The possibilities offered by generative models are enormous, as evidenced by the success of OpenAI and its flagship product, ChatGPT. Generative models based on transformer architecture are on par with humans in terms of content creation, whether in the form of text, images, or more complex animations. Despite their powerful generative capabilities, they have one fundamental drawback: updating information in these models. When querying such a model for information from the everyday world that goes beyond the training set, it is virtually impossible for the model to provide the correct answer. One solution to this problem is an approach based on Retrieval Augmented Generation (RAG).

Retrieval Augmented Generation

The idea behind RAG is to separate the information layer from the generative model. The information layer is a form of database where information is stored, while the generative model is used to provide answers based on information retrieved from the database. What does this approach offer? A lot. 😉

It introduces a breakthrough in NLP, where the previously used Retrieval Information approaches (replaced by new mechanisms), combined with well-functioning generative models, are able to provide the latest information. Since this information is stored in a database, it can be updated on an ongoing basis. When a piece of information becomes outdated, it can simply be removed from the database. As a result, when providing an answer, the generative model will not receive this information as context for its response, which will limit the model’s hallucinations.

Machinery

So what is needed to implement the RAG approach? In the simplest case, it is a few mechanisms:

a mechanism that convert text into vector form (hereinafter referred to as an embedder);
a database that allows indexed texts to be stored and searched (e.g., Milvus);
a generative model that will provide answers based on the context provided (e.g., LLama3 from MetaAI).

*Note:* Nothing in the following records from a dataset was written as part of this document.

(* Let $G\in\mathscr G_d$ and let $\mu$ be a nonzero finite Borel measure on $S^{n-1}$ not concentrated on any closed hemisphere. If $\{K_i\}_{i\in\mathbb N}\subseteq\mathscr K^n_{(o)}$ satisfies $$\sup_{i\in\mathbb N}\int_{S^{n-1}}G(\xi,\rho_{K_i^*}(\xi))\,d\mu(\xi)<+\infty,$$ then there is a finite constant $R$ with $K_i\subseteq RB^n$ for all $i\in\mathbb N$.
   Context: $S^{n-1}$ unit sphere, $B^n$ unit ball of $\mathbb R^n$, $n\ge2$. $\mathscr K^n_{(o)}$: compact convex sets with the origin in their interior; $\rho_K(x)=\max\{t\ge0:tx\in K\}$, $K^*=\{x:x\cdot y\le1\ \forall y\in K\}$. $\mathscr G_d$ is the set of $G:S^{n-1}\times(0,\infty)\to(0,\infty)$ such that $G$ and $G_t=\partial G/\partial t$ are continuous, and for each $u\in S^{n-1}$: $G_t(u,\cdot)<0$ on $(0,\infty)$, $\lim_{t\to0^+}G(u,t)=\infty$, $\lim_{t\to\infty}G(u,t)=0$. $\mu$ is not concentrated on any closed hemisphere if $\int_{S^{n-1}}(u\cdot\xi)_+\,d\mu(\xi)>0$ for all $u\in S^{n-1}$. *)

From HB Require Import structures.
From mathcomp Require Import all_boot all_order all_algebra.
From mathcomp Require Import all_classical all_reals all_analysis.
Set Implicit Arguments. Unset Strict Implicit. Unset Printing Implicit Defensive.
Import Order.TTheory GRing.Theory Num.Theory.
Import numFieldNormedType.Exports.
Local Open Scope classical_set_scope.
Local Open Scope ring_scope.

Definition dotv (R : realType) (n : nat) (x y : 'rV[R]_n) : R :=
  \sum_(i < n) x ord0 i * y ord0 i.

Definition enorm (R : realType) (n : nat) (x : 'rV[R]_n) : R :=
  Num.sqrt (dotv x x).

Definition sphere (R : realType) (n : nat) : set 'rV[R]_n :=
  [set x | enorm x = 1].

Definition eball (R : realType) (n : nat) (r : R) : set 'rV[R]_n :=
  [set x | enorm x <= r].

Definition borelRn (R : realType) (n : nat) :=
  g_sigma_algebraType (@open 'rV[R]_n).

Definition convex_body_o (R : realType) (n : nat) (K : set 'rV[R]_n) : Prop :=
  compact K /\
  (forall x y (t : R), K x -> K y -> 0 <= t -> t <= 1 ->
     K ((1 - t) *: x + t *: y)) /\
  (interior K) 0.

Definition radial (R : realType) (n : nat) (K : set 'rV[R]_n) (x : 'rV[R]_n) : R :=
  sup [set t : R | 0 <= t /\ K (t *: x)].

Definition polar (R : realType) (n : nat) (K : set 'rV[R]_n) : set 'rV[R]_n :=
  [set x | forall y, K y -> dotv x y <= 1].

Definition class_Gd (R : realType) (n : nat) (G : 'rV[R]_n -> R -> R) : Prop :=
  (forall u t, sphere u -> 0 < t -> 0 < G u t) /\
  {within (@sphere R n) `*` `]0, +oo[%classic,
     continuous (fun p : 'rV[R]_n * R => G p.1 p.2)} /\
  (forall u t, sphere u -> 0 < t -> derivable (G u) t 1) /\
  {within (@sphere R n) `*` `]0, +oo[%classic,
     continuous (fun p : 'rV[R]_n * R => derive1 (G p.1) p.2)} /\
  (forall u t, sphere u -> 0 < t -> derive1 (G u) t < 0) /\
  (forall u, sphere u -> G u t @[t --> 0^'+] --> +oo) /\
  (forall u, sphere u -> G u t @[t --> +oo] --> 0).

Definition pospart (R : realType) (a : R) : R := Num.max a 0.

From HB Require Import structures.
From mathcomp Require Import all_boot all_order all_algebra.
From mathcomp Require Import all_classical all_reals all_analysis.
From mathcomp Require Import ring lra measurable_realfun.
Set Implicit Arguments. Unset Strict Implicit. Unset Printing Implicit Defensive.
Import Order.TTheory GRing.Theory Num.Theory.
Import numFieldNormedType.Exports.
Local Open Scope classical_set_scope.
Local Open Scope ring_scope.

(* pos_cosine u, the integral of (u.xi)_+ over the sphere, is Lipschitz in u
   and positive on the compact sphere, hence bounded below by some eta > 0.
   Likewise, G decreases in t and blows up at t = 0 continuously in xi, so
   compactness yields t0 > 0 with G > c on sphere x (0, t0].  If x = rho u lies
   in K, then radial (polar K) xi <= 1/(x.xi) < t0 wherever u.xi > s := 1/(rho t0),
   whence  int G(xi, radial (polar K) xi) >= (c/n) int (u.xi - s)_+
   >= (c/n) (eta - s mu(sphere)).  For rho large this is at least (c/n)(eta/2), and
   c is chosen so that this contradicts the uniform bound M. *)

Section euclidean.
Variables (R : realType) (n : nat).
Implicit Types x y z : 'rV[R]_n.

Lemma dotvC x y : dotv x y = dotv y x.
Proof. by apply: eq_bigr => i _; rewrite mulrC. Qed.

Lemma dotvZl a x y : dotv (a *: x) y = a * dotv x y.
Proof. by rewrite /dotv mulr_sumr; apply: eq_bigr => i _; rewrite mxE mulrA. Qed.

Lemma dotvBl x y z : dotv (x - y) z = dotv x z - dotv y z.
Proof. by rewrite /dotv -sumrB; apply: eq_bigr => i _; rewrite !mxE mulrBl. Qed.

Lemma dotvv_ge0 x : 0 <= dotv x x.
Proof. by apply: sumr_ge0 => i _; rewrite -expr2 sqr_ge0. Qed.

Lemma enorm_sqr x : enorm x ^+ 2 = dotv x x.
Proof. exact/sqr_sqrtr/dotvv_ge0. Qed.

Lemma enormZ a x : enorm (a *: x) = `|a| * enorm x.
Proof.
rewrite /enorm dotvZl dotvC dotvZl mulrA -expr2 sqrtrM ?sqr_ge0 //.
by rewrite sqrtr_sqr.
Qed.

Lemma sphere_normalize x : 0 < enorm x -> sphere ((enorm x)^-1 *: x).
Proof.
by move=> x_gt0; rewrite /sphere /= enormZ gtr0_norm ?invr_gt0 // mulVf ?gt_eqF.
Qed.

Lemma sphere_dotvv x : sphere x -> dotv x x = 1.
Proof. by rewrite -enorm_sqr => ->; rewrite expr1n. Qed.

Lemma sphere_coord_le1 {x} i : sphere x -> `|x ord0 i| <= 1.
Proof.
move=> /sphere_dotvv xx1; rewrite -(ler_pXn2r (isT : 0 < 2)%N) ?nnegrE //.
rewrite expr1n real_normK ?num_real // -xx1 /dotv (bigD1 i) //= -expr2 lerDl.
by apply: sumr_ge0 => j _; rewrite -expr2 sqr_ge0.
Qed.

Lemma norm_dotv_le x y a b : (forall i, `|x ord0 i| <= a) ->
  (forall i, `|y ord0 i| <= b) -> `|dotv x y| <= n%:R * (a * b).
Proof.
move=> xa yb; apply: le_trans (ler_norm_sum _ _ _) _.
rewrite mulr_natl -[n in _ *+ n]card_ord -sumr_const.
by apply: ler_sum => i _; rewrite normrM ler_pM.
Qed.

Lemma norm_dotv_sphere_le x y : sphere x -> sphere y -> `|dotv x y| <= n%:R.
Proof.
move=> sx sy.
have := norm_dotv_le (sphere_coord_le1^~ sx) (sphere_coord_le1^~ sy).
by rewrite !mulr1.
Qed.

Lemma continuous_dotvv : continuous (fun x : 'rV[R]_n => dotv x x).
Proof.
apply: (@continuous_big _ _ +%R 0 xpredT) => [|i _]; first exact: add_continuous.
by move=> x; apply: continuousM; exact: coord_continuous.
Qed.

Lemma closed_sphere : closed (@sphere R n).
Proof.
have -> : @sphere R n = (fun x => dotv x x) @^-1` [set 1].
  apply/seteqP; split => x /=; first exact: sphere_dotvv.
  by move=> xx1; rewrite /sphere /enorm /= xx1 sqrtr1.
by apply: preimage_closed => [x _|]; [exact: continuous_dotvv | exact: closed_eq].
Qed.

Lemma compact_sphere : compact (@sphere R n).
Proof.
apply: bounded_closed_compact closed_sphere.
exists 1; split; first exact: num_real.
move=> M M1 x sx; rewrite /Num.norm /= mx_normrE.
apply: bigmax_le => [|[i j] _]; first lra.
by rewrite (ord1 i); apply: le_trans (sphere_coord_le1 j sx) _; lra.
Qed.

Lemma measurable_coord i :
  measurable_fun setT (fun x : borelRn R n => (x : 'rV[R]_n) ord0 i).
Proof.
apply: measurability; first exact: RGenOInfty.measurableE.
move=> _ [_ [a ->] <-]; apply: sub_sigma_algebra; rewrite /= setTI.
by apply: (continuousP _).1; [exact: coord_continuous | exact: interval_open].
Qed.

Lemma measurable_dotv y (D : set (borelRn R n)) : measurable_fun D (dotv y).
Proof.
apply: (measurable_funS measurableT) => //; apply: measurable_sum => i.
by apply: measurable_funM; [exact: measurable_cst | exact: measurable_coord].
Qed.

Lemma measurable_sphere : measurable (@sphere R n : set (borelRn R n)).
Proof.
rewrite -[X in measurable X]setCK; apply: measurableC; apply: sub_sigma_algebra.
exact: closed_openC closed_sphere.
Qed.

End euclidean.

Lemma compact_uniform_pos (R : realType) (T : topologicalType) (A : set T)
    (P : R -> T -> Prop) : compact A ->
  (forall x, A x -> \forall y \near x & e \near 0^'+, A y -> P e y) ->
  exists2 e, 0 < e & forall y, A y -> P e y.
Proof.
move=> /compact_near_coveringP /near_covering_withinP cA locP.
have /filter_ex [e [e0 Pe]] : \forall e \near (0 : R)^'+, 0 < e /\ A `<=` P e.
  by near=> e; split; [near: e; exact: nbhs_right_gt | near: e; exact: cA].
by exists e.
Unshelve. all: by end_near. Qed.

Section integral_bounds.
Context d (T : measurableType d) (R : realType) (mu : {measure set T -> \bar R}).
Implicit Types (D : set T).

(* The integrand xi |-> G xi (radial (polar K) xi) to which this is applied
   is not known to be measurable. *)
Lemma ge0_le_integral_nomeas D (f1 f2 : T -> \bar R) :
  (forall x, D x -> (0 <= f1 x)%E) -> (forall x, D x -> (f1 x <= f2 x)%E) ->
  (\int[mu]_(x in D) f1 x <= \int[mu]_(x in D) f2 x)%E.
Proof.
move=> f10 f12; have f20 x : D x -> (0 <= f2 x)%E.
  by move=> Dx; apply: le_trans (f12 x Dx); exact: f10.
rewrite !ge0_integralE //; apply: ereal_sup_le => _ [h hf <-]; exists h => // x.
apply: le_trans (hf x) _; rewrite /patch; case: ifP => // /[!inE] Dx.
exact: f12.
Qed.

Lemma le_integral_addr_cst D (p q : T -> R) (k : R) : measurable D ->
  measurable_fun D p -> measurable_fun D q ->
  (forall x, D x -> 0 <= p x) -> (forall x, D x -> 0 <= q x) -> 0 <= k ->
  (forall x, D x -> p x <= q x + k) ->
  (\int[mu]_(x in D) (p x)%:E <= \int[mu]_(x in D) (q x)%:E + k%:E * mu D)%E.
Proof.
move=> mD mp mq p0 q0 k0 pqk; rewrite -integral_cst // -ge0_integralD //.
- apply: ge0_le_integral => //; first exact/measurable_EFinP.
  by apply: emeasurable_funD; [exact/measurable_EFinP | exact: measurable_cst].
- exact/measurable_EFinP.
Qed.

End integral_bounds.

Section class_Gd.
Variables (R : realType) (n : nat) (G : 'rV[R]_n -> R -> R).
Hypothesis hG : class_Gd G.

Lemma Gd_gt0 u t : sphere u -> 0 < t -> 0 < G u t.
Proof. by case: hG => + _; apply. Qed.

In more complex cases, not only the information retrieval process is controlled, but also the collection of texts returned by the search engine.

Embedder and reranker model

In today’s post, we would like to present our two models. The first one is an embedder, that can be used to transform text into vector form. The second one is a mechanism that reranking the results returned by a semantic search engine. The technical difference between an embedder (bi-encoder) and a reranker (cross-encoder) is very well presented in this article. In a nutshell: we train the bi-encoder model on a semantic similarity process, where the evaluation function is the indicated semantic distance, in our case the cosine angle measure. In the case of a cross-encoder, the model is trained on the value of the loss function, resulting from the correlation of the model’s responses to the test set.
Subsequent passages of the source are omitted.